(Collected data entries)

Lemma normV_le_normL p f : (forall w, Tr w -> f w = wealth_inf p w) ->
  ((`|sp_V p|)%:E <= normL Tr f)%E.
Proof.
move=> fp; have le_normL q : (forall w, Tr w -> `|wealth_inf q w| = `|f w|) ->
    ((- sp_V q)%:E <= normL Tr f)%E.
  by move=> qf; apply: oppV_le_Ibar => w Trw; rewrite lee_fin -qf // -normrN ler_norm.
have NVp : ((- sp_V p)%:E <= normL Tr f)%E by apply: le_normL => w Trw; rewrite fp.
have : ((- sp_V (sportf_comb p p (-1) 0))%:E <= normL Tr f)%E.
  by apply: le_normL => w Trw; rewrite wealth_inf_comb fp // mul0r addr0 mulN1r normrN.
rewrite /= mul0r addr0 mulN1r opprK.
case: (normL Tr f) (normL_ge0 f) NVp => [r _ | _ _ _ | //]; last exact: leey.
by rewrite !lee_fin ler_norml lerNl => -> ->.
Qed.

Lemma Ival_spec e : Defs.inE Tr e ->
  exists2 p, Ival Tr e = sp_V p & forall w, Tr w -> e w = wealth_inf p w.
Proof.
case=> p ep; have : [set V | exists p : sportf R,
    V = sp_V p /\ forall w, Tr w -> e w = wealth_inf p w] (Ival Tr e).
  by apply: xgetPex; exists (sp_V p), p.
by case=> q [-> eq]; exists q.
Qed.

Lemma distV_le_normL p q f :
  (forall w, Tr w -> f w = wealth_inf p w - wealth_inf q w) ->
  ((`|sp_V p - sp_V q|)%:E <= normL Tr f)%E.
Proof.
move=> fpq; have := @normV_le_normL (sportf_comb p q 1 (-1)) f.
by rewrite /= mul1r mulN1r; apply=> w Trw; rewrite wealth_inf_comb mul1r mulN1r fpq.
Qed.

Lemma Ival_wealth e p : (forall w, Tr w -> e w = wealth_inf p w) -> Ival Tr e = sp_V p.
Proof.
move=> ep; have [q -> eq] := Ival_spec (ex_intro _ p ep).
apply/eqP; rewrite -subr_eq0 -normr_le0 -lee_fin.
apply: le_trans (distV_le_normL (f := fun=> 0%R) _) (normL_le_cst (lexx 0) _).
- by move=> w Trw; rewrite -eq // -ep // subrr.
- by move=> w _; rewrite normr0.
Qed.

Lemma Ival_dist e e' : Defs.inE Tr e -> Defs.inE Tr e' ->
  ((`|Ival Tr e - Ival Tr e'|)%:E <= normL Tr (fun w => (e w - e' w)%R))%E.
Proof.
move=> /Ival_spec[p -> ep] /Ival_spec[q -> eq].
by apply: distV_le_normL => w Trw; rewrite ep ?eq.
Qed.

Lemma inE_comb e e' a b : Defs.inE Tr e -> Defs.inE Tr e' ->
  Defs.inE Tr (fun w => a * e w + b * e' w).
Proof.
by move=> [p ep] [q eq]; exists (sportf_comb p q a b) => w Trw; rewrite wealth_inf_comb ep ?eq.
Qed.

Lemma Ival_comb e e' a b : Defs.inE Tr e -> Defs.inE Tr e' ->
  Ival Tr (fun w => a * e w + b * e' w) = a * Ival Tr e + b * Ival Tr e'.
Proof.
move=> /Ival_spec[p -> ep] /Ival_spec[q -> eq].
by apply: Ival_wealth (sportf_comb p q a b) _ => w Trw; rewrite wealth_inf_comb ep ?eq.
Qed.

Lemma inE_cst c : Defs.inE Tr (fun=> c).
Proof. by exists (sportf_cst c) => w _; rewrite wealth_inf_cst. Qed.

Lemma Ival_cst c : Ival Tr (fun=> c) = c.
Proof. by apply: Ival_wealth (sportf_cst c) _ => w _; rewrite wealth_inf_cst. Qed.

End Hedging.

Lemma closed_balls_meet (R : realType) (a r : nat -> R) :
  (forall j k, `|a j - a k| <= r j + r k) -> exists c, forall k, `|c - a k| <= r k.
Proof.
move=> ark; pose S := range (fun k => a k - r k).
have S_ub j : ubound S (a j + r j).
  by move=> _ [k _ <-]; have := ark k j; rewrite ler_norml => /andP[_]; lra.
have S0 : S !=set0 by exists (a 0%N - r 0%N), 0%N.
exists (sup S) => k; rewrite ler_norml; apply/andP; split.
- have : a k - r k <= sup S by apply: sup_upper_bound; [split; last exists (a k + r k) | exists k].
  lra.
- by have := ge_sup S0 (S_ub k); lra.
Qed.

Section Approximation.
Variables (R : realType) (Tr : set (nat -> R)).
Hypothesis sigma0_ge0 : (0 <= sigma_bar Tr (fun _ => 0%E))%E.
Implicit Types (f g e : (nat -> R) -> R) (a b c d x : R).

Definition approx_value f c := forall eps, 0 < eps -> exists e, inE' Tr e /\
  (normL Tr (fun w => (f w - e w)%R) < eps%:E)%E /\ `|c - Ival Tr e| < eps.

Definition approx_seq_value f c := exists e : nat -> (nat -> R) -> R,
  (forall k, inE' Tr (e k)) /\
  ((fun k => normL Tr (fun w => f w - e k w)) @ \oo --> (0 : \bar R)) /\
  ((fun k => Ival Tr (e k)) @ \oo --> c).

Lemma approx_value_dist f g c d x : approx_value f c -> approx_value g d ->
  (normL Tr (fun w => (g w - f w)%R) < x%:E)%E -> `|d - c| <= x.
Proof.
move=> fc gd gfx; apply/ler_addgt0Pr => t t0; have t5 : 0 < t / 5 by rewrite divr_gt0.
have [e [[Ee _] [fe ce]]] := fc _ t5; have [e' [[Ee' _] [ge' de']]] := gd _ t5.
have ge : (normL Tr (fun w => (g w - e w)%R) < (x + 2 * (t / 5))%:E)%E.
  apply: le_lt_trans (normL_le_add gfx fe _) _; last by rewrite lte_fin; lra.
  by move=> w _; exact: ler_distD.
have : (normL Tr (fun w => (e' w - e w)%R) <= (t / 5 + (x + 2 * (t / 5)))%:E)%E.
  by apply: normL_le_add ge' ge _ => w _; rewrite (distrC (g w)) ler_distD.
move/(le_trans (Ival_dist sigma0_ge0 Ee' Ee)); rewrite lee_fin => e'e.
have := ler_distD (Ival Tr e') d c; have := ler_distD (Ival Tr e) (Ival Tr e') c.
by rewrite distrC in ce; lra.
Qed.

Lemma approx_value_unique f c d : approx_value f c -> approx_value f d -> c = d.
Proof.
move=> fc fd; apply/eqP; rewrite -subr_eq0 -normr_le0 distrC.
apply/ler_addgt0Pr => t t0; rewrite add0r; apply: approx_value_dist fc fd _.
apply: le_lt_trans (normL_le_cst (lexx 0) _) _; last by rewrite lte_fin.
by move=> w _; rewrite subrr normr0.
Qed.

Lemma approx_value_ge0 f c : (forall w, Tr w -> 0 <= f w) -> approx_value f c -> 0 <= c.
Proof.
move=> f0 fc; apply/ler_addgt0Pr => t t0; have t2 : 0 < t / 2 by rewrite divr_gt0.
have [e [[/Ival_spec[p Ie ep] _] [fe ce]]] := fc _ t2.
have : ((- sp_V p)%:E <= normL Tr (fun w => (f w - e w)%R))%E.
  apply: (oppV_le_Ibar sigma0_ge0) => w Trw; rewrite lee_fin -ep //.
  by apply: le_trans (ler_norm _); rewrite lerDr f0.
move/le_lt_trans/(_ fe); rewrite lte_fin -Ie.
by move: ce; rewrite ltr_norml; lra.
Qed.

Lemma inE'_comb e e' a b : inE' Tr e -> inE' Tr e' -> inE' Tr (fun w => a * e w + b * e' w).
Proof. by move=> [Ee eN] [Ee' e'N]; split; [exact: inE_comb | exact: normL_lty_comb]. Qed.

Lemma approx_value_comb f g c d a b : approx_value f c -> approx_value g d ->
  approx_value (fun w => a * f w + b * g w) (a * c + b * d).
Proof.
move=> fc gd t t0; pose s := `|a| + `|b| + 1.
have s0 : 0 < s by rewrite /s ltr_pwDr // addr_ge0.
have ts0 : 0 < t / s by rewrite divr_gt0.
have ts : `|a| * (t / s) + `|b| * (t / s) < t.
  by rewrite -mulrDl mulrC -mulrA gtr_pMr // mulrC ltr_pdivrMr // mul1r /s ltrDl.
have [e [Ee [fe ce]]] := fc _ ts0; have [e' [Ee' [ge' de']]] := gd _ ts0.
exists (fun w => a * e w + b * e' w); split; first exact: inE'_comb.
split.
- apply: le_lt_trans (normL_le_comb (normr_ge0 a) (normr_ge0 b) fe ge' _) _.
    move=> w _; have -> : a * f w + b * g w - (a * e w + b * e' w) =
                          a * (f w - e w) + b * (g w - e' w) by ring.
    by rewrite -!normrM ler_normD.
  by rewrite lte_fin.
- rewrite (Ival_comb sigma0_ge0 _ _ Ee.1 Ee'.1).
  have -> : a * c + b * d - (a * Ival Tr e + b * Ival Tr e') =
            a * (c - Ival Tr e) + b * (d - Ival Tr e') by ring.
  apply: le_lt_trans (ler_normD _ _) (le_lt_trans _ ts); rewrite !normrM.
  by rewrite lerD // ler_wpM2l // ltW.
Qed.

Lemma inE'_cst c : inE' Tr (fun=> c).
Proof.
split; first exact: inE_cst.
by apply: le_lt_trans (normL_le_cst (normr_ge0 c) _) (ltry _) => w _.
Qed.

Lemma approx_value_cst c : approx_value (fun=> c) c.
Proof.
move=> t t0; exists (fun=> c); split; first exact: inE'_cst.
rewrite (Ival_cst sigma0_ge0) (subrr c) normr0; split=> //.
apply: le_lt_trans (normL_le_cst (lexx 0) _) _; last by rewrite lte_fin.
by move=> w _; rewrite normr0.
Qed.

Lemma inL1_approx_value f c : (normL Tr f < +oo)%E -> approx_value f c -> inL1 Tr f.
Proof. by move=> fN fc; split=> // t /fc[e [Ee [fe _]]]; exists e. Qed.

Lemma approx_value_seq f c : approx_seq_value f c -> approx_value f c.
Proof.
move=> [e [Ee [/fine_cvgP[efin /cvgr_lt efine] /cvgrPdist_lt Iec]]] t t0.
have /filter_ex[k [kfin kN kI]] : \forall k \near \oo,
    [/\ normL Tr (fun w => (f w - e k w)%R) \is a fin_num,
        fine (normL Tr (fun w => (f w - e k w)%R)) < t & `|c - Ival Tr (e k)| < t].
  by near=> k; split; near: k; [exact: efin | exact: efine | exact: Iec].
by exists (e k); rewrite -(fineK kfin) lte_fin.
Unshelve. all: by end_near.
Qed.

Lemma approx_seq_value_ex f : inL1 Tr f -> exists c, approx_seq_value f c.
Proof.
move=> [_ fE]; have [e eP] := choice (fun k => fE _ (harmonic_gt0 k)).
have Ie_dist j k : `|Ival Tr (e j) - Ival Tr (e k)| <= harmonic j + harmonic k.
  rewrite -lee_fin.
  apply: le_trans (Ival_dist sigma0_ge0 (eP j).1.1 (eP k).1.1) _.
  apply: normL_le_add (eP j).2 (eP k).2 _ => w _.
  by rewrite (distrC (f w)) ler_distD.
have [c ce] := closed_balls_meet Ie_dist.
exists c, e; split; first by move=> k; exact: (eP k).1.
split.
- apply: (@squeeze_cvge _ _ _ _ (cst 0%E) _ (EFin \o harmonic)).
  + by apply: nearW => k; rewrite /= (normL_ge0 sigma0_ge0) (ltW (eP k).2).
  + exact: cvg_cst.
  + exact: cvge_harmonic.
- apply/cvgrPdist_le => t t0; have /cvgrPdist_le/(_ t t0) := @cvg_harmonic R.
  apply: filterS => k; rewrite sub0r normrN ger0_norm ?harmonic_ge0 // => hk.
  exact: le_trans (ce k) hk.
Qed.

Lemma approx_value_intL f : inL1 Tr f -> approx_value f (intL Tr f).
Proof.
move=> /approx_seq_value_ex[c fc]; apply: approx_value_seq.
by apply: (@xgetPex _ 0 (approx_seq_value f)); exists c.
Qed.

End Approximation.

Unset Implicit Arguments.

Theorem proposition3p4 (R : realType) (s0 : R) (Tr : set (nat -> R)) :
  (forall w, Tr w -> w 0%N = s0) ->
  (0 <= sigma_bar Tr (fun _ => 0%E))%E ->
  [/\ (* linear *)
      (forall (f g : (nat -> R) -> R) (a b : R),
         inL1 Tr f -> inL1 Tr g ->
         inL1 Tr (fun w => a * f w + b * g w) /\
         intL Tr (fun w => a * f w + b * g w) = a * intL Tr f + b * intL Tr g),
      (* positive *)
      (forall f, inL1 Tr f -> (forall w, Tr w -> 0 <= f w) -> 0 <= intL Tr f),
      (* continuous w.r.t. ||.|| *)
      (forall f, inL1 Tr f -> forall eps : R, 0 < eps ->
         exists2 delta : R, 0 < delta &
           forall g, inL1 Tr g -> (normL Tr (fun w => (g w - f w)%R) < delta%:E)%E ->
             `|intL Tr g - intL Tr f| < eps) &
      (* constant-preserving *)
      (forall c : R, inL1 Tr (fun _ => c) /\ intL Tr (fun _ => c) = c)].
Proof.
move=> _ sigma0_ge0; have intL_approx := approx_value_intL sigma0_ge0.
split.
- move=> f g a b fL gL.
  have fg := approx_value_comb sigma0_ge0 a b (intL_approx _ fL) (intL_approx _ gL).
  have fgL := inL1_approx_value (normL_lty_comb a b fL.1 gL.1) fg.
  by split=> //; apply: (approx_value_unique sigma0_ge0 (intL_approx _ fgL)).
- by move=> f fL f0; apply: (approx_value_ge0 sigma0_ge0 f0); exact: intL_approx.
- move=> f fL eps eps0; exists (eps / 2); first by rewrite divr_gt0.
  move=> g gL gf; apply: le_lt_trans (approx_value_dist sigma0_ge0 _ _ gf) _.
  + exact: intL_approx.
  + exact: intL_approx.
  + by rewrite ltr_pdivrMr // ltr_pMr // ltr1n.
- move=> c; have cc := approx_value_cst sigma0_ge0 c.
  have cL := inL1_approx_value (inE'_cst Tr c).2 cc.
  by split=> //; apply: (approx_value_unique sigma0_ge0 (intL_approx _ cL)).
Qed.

### EXERCISE BRIEF
Could you reproduce, exactly, every line above from the line with "(forall k, inE' Tr (e k)) /\" to the line with "Proof. by move=> [Ee", and no other line? Both ends count.

### OUTPUT FOR THIS EXERCISE
  (forall k, inE' Tr (e k)) /\
  ((fun k => normL Tr (fun w => f w - e k w)) @ \oo --> (0 : \bar R)) /\
  ((fun k => Ival Tr (e k)) @ \oo --> c).

Lemma approx_value_dist f g c d x : approx_value f c -> approx_value g d ->
  (normL Tr (fun w => (g w - f w)%R) < x%:E)%E -> `|d - c| <= x.
Proof.
move=> fc gd gfx; apply/ler_addgt0Pr => t t0; have t5 : 0 < t / 5 by rewrite divr_gt0.
have [e [[Ee _] [fe ce]]] := fc _ t5; have [e' [[Ee' _] [ge' de']]] := gd _ t5.
have ge : (normL Tr (fun w => (g w - e w)%R) < (x + 2 * (t / 5))%:E)%E.
  apply: le_lt_trans (normL_le_add gfx fe _) _; last by rewrite lte_fin; lra.
  by move=> w _; exact: ler_distD.
have : (normL Tr (fun w => (e' w - e w)%R) <= (t / 5 + (x + 2 * (t / 5)))%:E)%E.
  by apply: normL_le_add ge' ge _ => w _; rewrite (distrC (g w)) ler_distD.
move/(le_trans (Ival_dist sigma0_ge0 Ee' Ee)); rewrite lee_fin => e'e.
have := ler_distD (Ival Tr e') d c; have := ler_distD (Ival Tr e) (Ival Tr e') c.
by rewrite distrC in ce; lra.
Qed.

Lemma approx_value_unique f c d : approx_value f c -> approx_value f d -> c = d.
Proof.
move=> fc fd; apply/eqP; rewrite -subr_eq0 -normr_le0 distrC.
apply/ler_addgt0Pr => t t0; rewrite add0r; apply: approx_value_dist fc fd _.
apply: le_lt_trans (normL_le_cst (lexx 0) _) _; last by rewrite lte_fin.
by move=> w _; rewrite subrr normr0.
Qed.

Lemma approx_value_ge0 f c : (forall w, Tr w -> 0 <= f w) -> approx_value f c -> 0 <= c.
Proof.
move=> f0 fc; apply/ler_addgt0Pr => t t0; have t2 : 0 < t / 2 by rewrite divr_gt0.
have [e [[/Ival_spec[p Ie ep] _] [fe ce]]] := fc _ t2.
have : ((- sp_V p)%:E <= normL Tr (fun w => (f w - e w)%R))%E.
  apply: (oppV_le_Ibar sigma0_ge0) => w Trw; rewrite lee_fin -ep //.
  by apply: le_trans (ler_norm _); rewrite lerDr f0.
move/le_lt_trans/(_ fe); rewrite lte_fin -Ie.
by move: ce; rewrite ltr_norml; lra.
Qed.

Lemma inE'_comb e e' a b : inE' Tr e -> inE' Tr e' -> inE' Tr (fun w => a * e w + b * e' w).
Proof. by move=> [Ee eN] [Ee' e'N]; split; [exact: inE_comb | exact: normL_lty_comb]. Qed.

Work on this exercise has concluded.